Assignment: All lines from the one with "From HB Require Import structures." through the close of the records below are to be set down exactly, and no others.

Working data:
(* Let $\mathcal G$ be a finite connected groupoid and $\alpha=(S_g,\alpha_g)_{g\in\mathcal G}$ a unital group-type partial action of $\mathcal G$ on a commutative ring $S=\bigoplus_{y\in\mathcal G_0}S_y$, with $S_g=S1_g$ and $1_g\neq0$ for all $g$. Let $\mathcal H\in\mathrm{wSub}_\alpha(\mathcal G)$, with connected components $\mathcal H_1,\dots,\mathcal H_r$ having object sets $Y_1,\dots,Y_r$, choose $y_j\in Y_j$, and let $T=S^{\alpha_{\mathcal H}}$ and $T_{y_j}=S_{y_j}^{\alpha_{\mathcal H_j(y_j)}}$. The following are equivalent: (i) $T$ is $\alpha$-strong; (ii) for any $g,h\in\mathcal G$ with $t(g)=t(h)$ and $g^{-1}h\notin\mathcal G_T$, and any non-zero idempotent $e\in S_g\cup S_h$, there exists $t\in T$ with $\alpha_g(t1_{g^{-1}})e\neq\alpha_h(t1_{h^{-1}})e$; (iii) $T_{y_j}$ is $\alpha_{\mathcal G(y_j,y_j)}$-strong for all $1\le j\le r$.
   Context: A groupoid is a small category with all morphisms invertible; $\mathcal G_0$ is its object set (identified with identity morphisms), $s(g),t(g)$ source and target, $\mathcal G(x,y)=\{g:s(g)=x,t(g)=y\}$, $\mathcal G(x)=\mathcal G(x,x)$; $gh$ defined iff $s(g)=t(h)$; connected means all $\mathcal G(x,y)\neq\emptyset$; connected components are full subgroupoids on classes of $x\sim y\iff\mathcal G(x,y)\ne\emptyset$; wide means containing all objects. A partial action $\alpha=(S_g,\alpha_g)_{g\in\mathcal G}$ on a ring $S$: for each $g$, $S_{t(g)}$ is an ideal of $S$, $S_g$ an ideal of $S_{t(g)}$, $\alpha_g:S_{g^{-1}}\to S_g$ a ring isomorphism; $\alpha_x=\mathrm{id}_{S_x}$; for composable $(g,h)$, $\alpha_h^{-1}(S_{g^{-1}}\cap S_h)\subseteq S_{(gh)^{-1}}$ and $\alpha_g\alpha_h(a)=\alpha_{gh}(a)$ there. Unital: $S_g=S1_g$, $1_g$ central idempotent. A partial action of a connected groupoid $\mathcal K$ on $A=\bigoplus_{y\in\mathcal K_0}A_y$ is group-type if there are $x\in\mathcal K_0$ and $\tau_y\in\mathcal K(x,y)$ ($\tau_x=x$) with $A_{\tau_y^{-1}}=A_x$, $A_{\tau_y}=A_y$ for all $y$; for non-connected $\mathcal K$ it is group-type if each restriction to a connected component is group-type. For a subgroupoid $\mathcal H$, $\alpha_{\mathcal H}=(S_h,\alpha_h)_{h\in\mathcal H}$ acts on $\bigoplus_{z\in\mathcal H_0}S_z$; $\mathrm{wSub}_\alpha(\mathcal G)$ is the set of wide subgroupoids $\mathcal H$ with $\alpha_{\mathcal H}$ group-type. For a subgroupoid $\mathcal K$ and subring $A\subseteq S$, $A^{\alpha_{\mathcal K}}=\{a\in A:\alpha_k(a1_{k^{-1}})=a1_k\ \forall k\in\mathcal K\}$. For a subring $T\subseteq S$, $\mathcal G_T=\{g\in\mathcal G:\alpha_g(t1_{g^{-1}})=t1_g\ \forall t\in T\}$; for $y\in\mathcal G_0$ and subring $B\subseteq S_y$, $\mathcal G(y)_B=\{l\in\mathcal G(y):\alpha_l(b1_{l^{-1}})=b1_l\ \forall b\in B\}$. For a subring $T\subseteq S$ and $y\in\mathcal G_0$ put $T_y=T1_y$ (for a subring $B\subseteq S_y$, $B1_y=B$). $T_y$ is $\alpha_{\mathcal G(y,z)}$-strong if for any $g,h\in\mathcal G(y,z)$ with $g^{-1}h\notin\mathcal G(y)_{T_y}$ and any non-zero idempotent $e\in S_g\cup S_h$ there is $t_y\in T_y$ with $\alpha_g(t_y1_{g^{-1}})e\neq\alpha_h(t_y1_{h^{-1}})e$. $T$ is $\alpha$-strong if $T_y$ is $\alpha_{\mathcal G(y,z)}$-strong for all $y,z\in\mathcal G_0$. *)

From HB Require Import structures.
From mathcomp Require Import all_boot all_algebra.
Set Implicit Arguments. Unset Strict Implicit. Unset Printing Implicit Defensive.
Import GRing.Theory.
Local Open Scope ring_scope.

Problem solution:
From HB Require Import structures.
From mathcomp Require Import all_boot all_algebra.
Set Implicit Arguments. Unset Strict Implicit. Unset Printing Implicit Defensive.
Import GRing.Theory.
Local Open Scope ring_scope.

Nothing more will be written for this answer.